(* Let $T:\mathbb Z^n\to\mathbb Z^m$ be a linear map whose matrix in the standard bases has all entries in $\{0,1\}$. Let $Y$ be the image of $T$, $k$ the rank of $Y$, and $Z=\{z\in\mathbb Z^m:\exists q\in\mathbb Z\setminus\{0\}\text{ with }qz\in Y\}$. Then $Z/Y$ (which is isomorphic to the torsion subgroup of $\mathbb Z^m/Y$) has order at most $\left\lfloor 2^{-k}(k+1)^{(k+1)/2}\right\rfloor$. *)

From HB Require Import structures.
From mathcomp Require Import all_boot all_order all_algebra.
From mathcomp Require Import reals.
Set Implicit Arguments. Unset Strict Implicit. Unset Printing Implicit Defensive.
Import Order.TTheory GRing.Theory Num.Theory.
Local Open Scope ring_scope.

Definition inImage (m n : nat) (T : 'M[int]_(m, n)) (y : 'cV[int]_m) : Prop :=
  exists x : 'cV[int]_n, y = T *m x.

Definition inSat (m n : nat) (T : 'M[int]_(m, n)) (z : 'cV[int]_m) : Prop :=
  exists q : int, q != 0 /\ inImage T (q *: z).

(* rank of Y = rank of the matrix T over Q *)
Definition rankY (m n : nat) (T : 'M[int]_(m, n)) : nat :=
  \rank (map_mx (fun x : int => (x%:~R : rat)) T).

Definition bound (R : realType) (k : nat) : int :=
  Num.floor ((2 : R) ^- k * Num.sqrt ((k.+1)%:R ^+ k.+1)).

From HB Require Import structures.
From mathcomp Require Import all_boot all_order all_algebra.
From mathcomp Require Import reals.
From mathcomp Require Import ring.
Import Order.TTheory GRing.Theory Num.Theory.
Local Open Scope ring_scope.

Set Implicit Arguments. Unset Strict Implicit. Unset Printing Implicit Defensive.

(* Pick [k = rank Y] rows and columns of [T] forming a nonsingular minor [A].
   Since the chosen rows span the row space of [T] over [Q], an element of [Z]
   whose chosen coordinates lie in [A Z^k] already lies in [Y]; so restricting
   to the chosen coordinates embeds [Z/Y] into [Z^k / A Z^k], a group of order
   [|det A|] (Smith normal form).  Hadamard's inequality, applied to a sign
   matrix built from the 0/1 matrix [A], bounds [|det A|]. *)

Section Hadamard.
Variable F : realFieldType.

Definition row_dot m n (M : 'M[F]_(m, n)) i j := \sum_l M i l * M j l.

Lemma row_dotE m n (M : 'M[F]_(m, n)) i j : row_dot M i j = (M *m M^T) i j.
Proof. by rewrite !mxE; apply: eq_bigr => l _; rewrite mxE. Qed.

Lemma row_dotC m n (M : 'M[F]_(m, n)) i j : row_dot M i j = row_dot M j i.
Proof. by apply: eq_bigr => l _; rewrite mulrC. Qed.

Lemma row_dot_ge0 m n (M : 'M[F]_(m, n)) i : 0 <= row_dot M i i.
Proof. by apply: sumr_ge0 => l _; rewrite -expr2 sqr_ge0. Qed.

Lemma row_dot_eq0 m n (M : 'M[F]_(m, n)) i :
  row_dot M i i = 0 -> forall l, M i l = 0.
Proof.
move=> /eqP; rewrite psumr_eq0 => [/allP M0 l|l _]; last by rewrite -expr2 sqr_ge0.
by have /implyP/(_ isT) := M0 l (mem_index_enum _); rewrite -expr2 sqrf_eq0 => /eqP.
Qed.

Lemma sum_sqr_orthD n (a b : 'I_n -> F) : \sum_l a l * b l = 0 ->
  \sum_l a l * a l <= \sum_l (a l + b l) * (a l + b l).
Proof.
move=> ab0; have -> : \sum_l (a l + b l) * (a l + b l) =
    \sum_l a l * a l + (2 * \sum_l a l * b l + \sum_l b l * b l).
  by rewrite mulr_sumr -!big_split; apply: eq_bigr => l _ /=; ring.
by rewrite ab0 mulr0 add0r lerDl sumr_ge0 // => l _; rewrite -expr2 sqr_ge0.
Qed.

Lemma sum_comb_mul m n (Q : 'M[F]_(m, n)) (c : 'I_m -> F) (v : 'I_n -> F) :
  \sum_l (\sum_j c j * Q j l) * v l = \sum_j c j * \sum_l Q j l * v l.
Proof.
under eq_bigr do rewrite mulr_suml.
rewrite exchange_big; apply: eq_bigr => j _; rewrite mulr_sumr.
by apply: eq_bigr => l _; rewrite mulrA.
Qed.

Definition sub_row_comb n (Q : 'M[F]_n) k (c : 'I_n -> F) :=
  \matrix_(i, l) (Q i l - (i == k)%:R * \sum_j c j * Q j l).

Lemma sub_row_comb_id n (Q : 'M[F]_n) k c i :
  i != k -> sub_row_comb Q k c i =1 Q i.
Proof. by move=> /negPf ik l; rewrite mxE ik mul0r subr0. Qed.

Lemma det_sub_row_comb n (Q : 'M[F]_n) (k : 'I_n) (c : 'I_n -> F) :
  (forall j : 'I_n, (k <= j)%N -> c j = 0) -> \det (sub_row_comb Q k c) = \det Q.
Proof.
move=> c_ge; pose U := \matrix_(i, j) ((i == j)%:R - (i == k)%:R * c j).
have -> : sub_row_comb Q k c = U *m Q.
  apply/matrixP => i l; rewrite !mxE.
  under [RHS]eq_bigr do rewrite mxE mulrBl -mulrA.
  rewrite sumrB -mulr_sumr; congr (_ - _).
  rewrite (bigD1 i) //= eqxx mul1r big1 ?addr0 // => j.
  by rewrite eq_sym => /negPf ->; rewrite mul0r.
have U_trig : is_trig_mx U.
  apply/is_trig_mxP => i j ij; rewrite mxE -val_eqE ltn_eqF //.
  case: eqP => [ik|_]; last by rewrite mul0r subrr.
  by rewrite c_ge ?mulr0 ?subrr // -ik ltnW.
rewrite det_mulmx det_trig // big1 ?mul1r // => i _.
by rewrite mxE eqxx; case: eqP => [->|_];
  [rewrite c_ge // | rewrite mulr0n mul0r]; rewrite ?mulr0 subr0.
Qed.

Definition orthogonal_prefix n (Q : 'M[F]_n) t :=
  forall i j : 'I_n, (i < t)%N -> (j < t)%N -> i != j -> row_dot Q i j = 0.

Definition gs_coef n (Q : 'M[F]_n) (k j : 'I_n) :=
  if (j < k)%N then row_dot Q k j / row_dot Q j j else 0.

Lemma gram_schmidt_step n (Q : 'M[F]_n) (k : 'I_n) : orthogonal_prefix Q k ->
  let Q' := sub_row_comb Q k (gs_coef Q k) in
  [/\ \det Q' = \det Q, row_dot Q' k k <= row_dot Q k k &
      forall j : 'I_n, (j < k)%N -> row_dot Q' k j = 0].
Proof.
move=> orthQ Q'; set c := gs_coef Q k; pose s l := \sum_j c j * Q j l.
have c_ge (j : 'I_n) : (k <= j)%N -> c j = 0 by rewrite /c /gs_coef ltnNge => ->.
have Q'k l : Q' k l = Q k l - s l by rewrite mxE eqxx mul1r.
have Q'i i : i != k -> Q' i =1 Q i by exact: sub_row_comb_id.
have dot_s (j : 'I_n) : (j < k)%N -> \sum_l s l * Q j l = c j * row_dot Q j j.
  move=> jk; rewrite sum_comb_mul (bigD1 j) //= [X in _ + X]big1 ?addr0 // => i ij.
  have [ik|/c_ge->] := ltnP i k; last by rewrite mul0r.
  by have := orthQ i j ik jk ij; rewrite /row_dot => ->; rewrite mulr0.
have orth' (j : 'I_n) : (j < k)%N -> row_dot Q' k j = 0.
  move=> jk; have jnk : j != k by rewrite neq_ltn jk.
  rewrite /row_dot; under eq_bigr do rewrite Q'k (Q'i j jnk) mulrBl.
  rewrite sumrB dot_s // /c /gs_coef jk.
  have [Qjj0|Qjj_neq0] := eqVneq (row_dot Q j j) 0; last by rewrite divfK ?subrr.
  rewrite Qjj0 mulr0 subr0; apply: big1 => l _.
  by rewrite (row_dot_eq0 Qjj0) mulr0.
have perp : \sum_l Q' k l * s l = 0.
  under eq_bigr do rewrite mulrC.
  rewrite sum_comb_mul big1 // => j _.
  have [jk|/c_ge->] := ltnP j k; last by rewrite mul0r.
  transitivity (c j * row_dot Q' j k).
    by congr (_ * _); apply: eq_bigr => l _; rewrite (Q'i j) // neq_ltn jk.
  by rewrite row_dotC orth' ?mulr0.
split=> //; first exact: det_sub_row_comb.
have -> : row_dot Q k k = \sum_l (Q' k l + s l) * (Q' k l + s l).
  by apply: eq_bigr => l _; rewrite Q'k subrK.
exact: sum_sqr_orthD.
Qed.

Lemma gram_schmidt n (M : 'M[F]_n) : exists Q : 'M[F]_n,
  [/\ \det Q = \det M, forall i, row_dot Q i i <= row_dot M i i & orthogonal_prefix Q n].
Proof.
suff /(_ n (leqnn n)) : forall t, (t <= n)%N -> exists Q : 'M[F]_n, [/\ \det Q = \det M,
  forall i, row_dot Q i i <= row_dot M i i & orthogonal_prefix Q t] by [].
elim=> [_|t IH tn]; first by exists M; split.
have [Q [dQ nQ oQ]] := IH (ltnW tn); pose k := Ordinal tn.
have [dQ' nQ' oQ'] := gram_schmidt_step (k := k) oQ.
set Q' := sub_row_comb _ _ _ in dQ' nQ' oQ'.
have Q'_id a b : a != k -> b != k -> row_dot Q' a b = row_dot Q a b.
  by move=> ak bk; apply: eq_bigr => l _; rewrite !sub_row_comb_id.
exists Q'; split=> [|i|i j]; first by rewrite dQ'.
  have [->|ik] := eqVneq i k; first exact: le_trans nQ' (nQ k).
  by rewrite Q'_id.
have lt_neq (a : 'I_n) : (a < t)%N -> a != k by move=> a_lt; rewrite neq_ltn a_lt.
have eq_k (a : 'I_n) : (a == t :> nat) -> a = k by move=> /eqP a_t; apply: val_inj.
rewrite !ltnS (leq_eqVlt i) (leq_eqVlt j).
case/orP=> [/eq_k ->|it]; case/orP=> [/eq_k ->|jt]; first by rewrite eqxx.
- by move=> _; rewrite oQ'.
- by move=> _; rewrite row_dotC oQ'.
- by move=> ij; rewrite Q'_id ?lt_neq // oQ.
Qed.

Lemma hadamard n (M : 'M[F]_n) : \det M ^+ 2 <= \prod_i row_dot M i i.
Proof.
have [Q [<- nQ oQ]] := gram_schmidt M.
have Qorth i j : i != j -> (Q *m Q^T) i j = 0 by move=> ij; rewrite -row_dotE oQ.
rewrite expr2 -{2}det_tr -det_mulmx det_trig; last first.
  by apply/is_trig_mxP => i j ij; rewrite Qorth // neq_ltn ij.
by apply: ler_prod => i _; rewrite -row_dotE row_dot_ge0 nQ.
Qed.

(* Bordering [A] with a row and a column of ones and replacing it by [1 - 2A]
   gives a [(k+1) x (k+1)] matrix of signs whose determinant is [(-2)^k det A]. *)
Lemma hadamard01 k (A : 'M[F]_k) : (forall i j, A i j = 0 \/ A i j = 1) ->
  (2 ^+ k * \det A) ^+ 2 <= (k.+1)%:R ^+ k.+1.
Proof.
move=> A01; pose B : 'M[F]_(1 + k) :=
  block_mx 1%:M (const_mx 1) (const_mx 1) (const_mx 1 - 2 *: A).
have detB : \det B = (- 2) ^+ k * \det A.
  have -> : B = block_mx 1%:M 0 (const_mx 1) 1%:M *m
                block_mx 1%:M (const_mx 1) 0 (- 2 *: A).
    rewrite mulmx_block !(mul1mx, mul0mx, mulmx1, addr0, add0r) scaleNr.
    by congr block_mx; congr (_ - _); apply/matrixP => i j; rewrite !mxE big_ord1 !mxE mulr1.
  by rewrite det_mulmx det_lblock det_ublock !det1 !mul1r detZ.
have B_sign i j : B i j ^+ 2 = 1.
  case: (split_ordP i) => i' ->; case: (split_ordP j) => j' ->.
  - by rewrite block_mxEul !ord1 mxE eqxx expr1n.
  - by rewrite block_mxEur mxE expr1n.
  - by rewrite block_mxEdl mxE expr1n.
  - by rewrite block_mxEdr !mxE; case: (A01 i' j') => ->; ring.
have rowB i : row_dot B i i = (1 + k)%:R.
  rewrite /row_dot (eq_bigr (fun=> 1)) ?sumr_const ?card_ord // => l _.
  by rewrite -expr2 B_sign.
have := hadamard B.
rewrite detB (eq_bigr _ (fun i _ => rowB i)) prodr_const card_ord add1n.
by rewrite !exprMn -!exprM mulnC !exprM sqrrN.
Qed.
End Hadamard.

Lemma inImage_diag k (d : seq int) (v : 'cV[int]_k) :
  (forall l : 'I_k, (d`_l %| v l ord0)%Z) ->
  inImage (\matrix_(i, j) (d`_i *+ (i == j :> nat)) : 'M_k) v.
Proof.
move=> dvd_v; exists (\col_l (v l ord0 %/ d`_l)%Z).
apply/matrixP => l z; rewrite ord1 mxE (bigD1 l) //= big1 ?addr0 => [|l' /negPf].
  by rewrite !mxE eqxx mulr1n mulrC divzK.
by rewrite mxE eq_sym val_eqE => ->; rewrite mul0r.
Qed.

Lemma inImage_unitmx_mul k (L D R : 'M[int]_k) y :
  L \in unitmx -> R \in unitmx -> inImage D (invmx L *m y) -> inImage (L *m D *m R) y.
Proof.
move=> uL uR [x ex]; exists (invmx R *m x).
by rewrite -!mulmxA mulKVmx // -ex mulKVmx.
Qed.

Lemma abs_det_unitmx k (L : 'M[int]_k) : L \in unitmx -> `|\det L| = 1.
Proof. by rewrite unitmxE => /orP [] /eqP ->. Qed.

Lemma card_incongruent_le_det k (A : 'M[int]_k) N (u : 'I_N -> 'cV[int]_k) :
  \det A != 0 -> (forall i j, inImage A (u i - u j) -> i = j) -> N%:Z <= `|\det A|.
Proof.
move=> detA_neq0 u_incongr.
have [L L_unit [R R_unit [d _ defA]]] := int_Smith_normal_form A.
set D := \matrix_(i, j) _ in defA.
have detD : \det D = \prod_(l < k) d`_l.
  rewrite det_trig; first by apply: eq_bigr => l _; rewrite mxE eqxx mulr1n.
  by apply/is_trig_mxP => i j ij; rewrite mxE ltn_eqF.
have detA : `|\det A| = \prod_(l < k) `|d`_l|.
  rewrite defA !det_mulmx !normrM (abs_det_unitmx L_unit) (abs_det_unitmx R_unit).
  by rewrite mul1r mulr1 detD normr_prod.
have d_neq0 (l : 'I_k) : d`_l != 0.
  move: detA_neq0; rewrite defA !det_mulmx detD !mulf_eq0 negb_or => /andP [/norP [_]].
  by rewrite prodf_seq_eq0 => /hasPn /(_ l (mem_index_enum _)).
pose v i := invmx L *m u i.
pose e (l : 'I_k) := absz d`_l; pose r i l := absz (modz (v i l ord0) d`_l).
have res_lt i (l : 'I_k) : (r i l < e l)%N.
  by rewrite -ltz_nat !abszE (ger0_norm (modz_ge0 _ (d_neq0 l))); exact: ltz_mod.
pose res i : {dffun forall l : 'I_k, 'I_(e l)} := [ffun l => Ordinal (res_lt i l)].
have res_inj : injective res.
  move=> i j /ffunP eq_res; apply: u_incongr; rewrite defA.
  apply: inImage_unitmx_mul => //; rewrite mulmxBr; apply: inImage_diag => l.
  have -> : (v i - v j) l ord0 = v i l ord0 - v j l ord0 by rewrite !mxE.
  rewrite -eqz_mod_dvd; apply/eqP.
  have := eq_res l; rewrite !ffunE => /(congr1 val) /= /(congr1 Posz).
  by rewrite !abszE !ger0_norm ?modz_ge0.
have := leq_card res res_inj.
rewrite card_ord card_dep_ffun foldrE big_map big_enum /= -lez_nat => /le_trans; apply.
rewrite detA (big_morph Posz PoszM (erefl _)).
by under eq_bigr do rewrite card_ord abszE.
Qed.

Lemma inSatB m n (T : 'M[int]_(m, n)) z1 z2 :
  inSat T z1 -> inSat T z2 -> inSat T (z1 - z2).
Proof.
move=> [q1 [q1_neq0 [y1 def1]]] [q2 [q2_neq0 [y2 def2]]].
exists (q1 * q2); split; first by rewrite mulf_neq0.
exists (q2 *: y1 - q1 *: y2).
by rewrite mulmxBr -!scalemxAr -def1 -def2 scalerBr !scalerA [q2 * q1]mulrC.
Qed.

Section MaximalMinor.
Variables (m n : nat) (T : 'M[int]_(m, n)).

Let TQ := map_mx (fun x : int => (x%:~R : rat)) T.
Let rsel := maxrankfun TQ.

Lemma maxrowsub_tr_full : row_full (rowsub rsel TQ)^T.
Proof. by rewrite /row_full mxrank_tr; exact: maxrowsub_free. Qed.

Let csel := fullrankfun maxrowsub_tr_full.
Let A := mxsub rsel csel T.

Lemma det_maxminor_neq0 : \det A != 0.
Proof.
have : mxsub rsel csel TQ \in unitmx.
  rewrite -unitmx_tr (_ : _^T = rowsub csel (rowsub rsel TQ)^T) ?fullrowsub_unit //.
  by apply/matrixP => i j; rewrite !mxE.
by rewrite -map_mxsub unitmxE unitfE det_map_mx intr_eq0.
Qed.

Lemma maxminor_kernel (v : 'cV[int]_n) : rowsub rsel (T *m v) = 0 -> T *m v = 0.
Proof.
move=> Tv0; have /submxP [D defTQ] : (TQ <= rowsub rsel TQ)%MS by rewrite eq_maxrowsub.
have : map_mx intr (T *m v) = 0 :> 'cV[rat]_m.
  rewrite map_mxM -/TQ defTQ -mulmxA mul_rowsub_mx -map_mxM -map_mxsub Tv0.
  by rewrite map_mx0 mulmx0.
move/matrixP => Tv0Q; apply/matrixP => i j.
by move: (Tv0Q i j); rewrite !mxE => /eqP; rewrite intr_eq0 => /eqP.
Qed.

Lemma inImage_of_maxminor z (x : 'cV[int]_(\rank TQ)) :
  inSat T z -> rowsub rsel z = A *m x -> inImage T z.
Proof.
move=> [q [q_neq0 [y qz]]] zx; pose x' := colsub csel 1%:M *m x.
have Ax' : rowsub rsel (T *m x') = A *m x.
  by rewrite mulmxA mulmx_colsub mulmx1 -mul_rowsub_mx -mxsubrc.
exists x'; apply/eqP; rewrite -subr_eq0; apply/eqP.
pose w := z - T *m x'.
have w_rows0 : rowsub rsel w = 0 by rewrite rowsubE mulmxBr -!rowsubE zx Ax' subrr.
have qw : q *: w = T *m (y - q *: x') by rewrite scalerBr qz mulmxBr -scalemxAr.
have : T *m (y - q *: x') = 0.
  by apply: maxminor_kernel; rewrite -qw rowsubE -scalemxAr -rowsubE w_rows0 scaler0.
by rewrite -qw => /eqP; rewrite scalemx_eq0 (negPf q_neq0) => /eqP.
Qed.

Lemma exists_nonsingular_minor :
  exists r : 'I_(rankY T) -> 'I_m, exists c : 'I_(rankY T) -> 'I_n,
  \det (mxsub r c T) != 0 /\
  forall z x, inSat T z -> rowsub r z = mxsub r c T *m x -> inImage T z.
Proof.
by exists rsel, csel; split; [exact: det_maxminor_neq0 | exact: inImage_of_maxminor].
Qed.
End MaximalMinor.

Lemma le_bound (R : realType) k (z : int) :
  (2 ^+ k * z%:~R) ^+ 2 <= (k.+1)%:R ^+ k.+1 :> R -> `|z| <= bound R k.
Proof.
move=> hz; rewrite /bound floor_ge_int intr_norm ler_pdivlMl ?exprn_gt0 //.
rewrite -[2 ^+ k]ger0_norm ?exprn_ge0 // -normrM -sqrtr_sqr ler_sqrt //.
by rewrite exprn_ge0.
Qed.

Unset Implicit Arguments.

Theorem lemma2p14 (R : realType) (m n : nat) (T : 'M[int]_(m, n))
  (hT : forall i j, T i j = 0 \/ T i j = 1)
  (N : nat) (f : 'I_N -> 'cV[int]_m)
  (hZ : forall i, inSat T (f i))
  (hdist : forall i j, inImage T (f i - f j) -> i = j) :
  (N%:Z <= bound R (rankY T))%R.
Proof.
have [r [c [detA_neq0 minor_lifts]]] := exists_nonsingular_minor T.
set A := mxsub r c T in detA_neq0 minor_lifts.
have N_le_det : N%:Z <= `|\det A|.
  apply: (card_incongruent_le_det (u := fun i => rowsub r (f i))) detA_neq0 _ => i j [x ex].
  apply: hdist; apply: (minor_lifts _ x (inSatB (hZ i) (hZ j))).
  by rewrite rowsubE mulmxBr -!rowsubE.
apply: le_trans N_le_det (le_bound _).
have := hadamard01 (A := map_mx intr A : 'M[R]_(rankY T)).
rewrite det_map_mx; apply => i j; rewrite !mxE.
by have [->|->] := hT (r i) (c j); [left | right].
Qed.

→ **Your assignment**
Starting with the line that contains "apply: (card_incongruent_le_det (u", copy each line through the end of the data exactly, and leave out all earlier lines.

→ **Answer area**
  apply: (card_incongruent_le_det (u := fun i => rowsub r (f i))) detA_neq0 _ => i j [x ex].
  apply: hdist; apply: (minor_lifts _ x (inSatB (hZ i) (hZ j))).
  by rewrite rowsubE mulmxBr -!rowsubE.
apply: le_trans N_le_det (le_bound _).
have := hadamard01 (A := map_mx intr A : 'M[R]_(rankY T)).
rewrite det_map_mx; apply => i j; rewrite !mxE.
by have [->|->] := hT (r i) (c j); [left | right].
Qed.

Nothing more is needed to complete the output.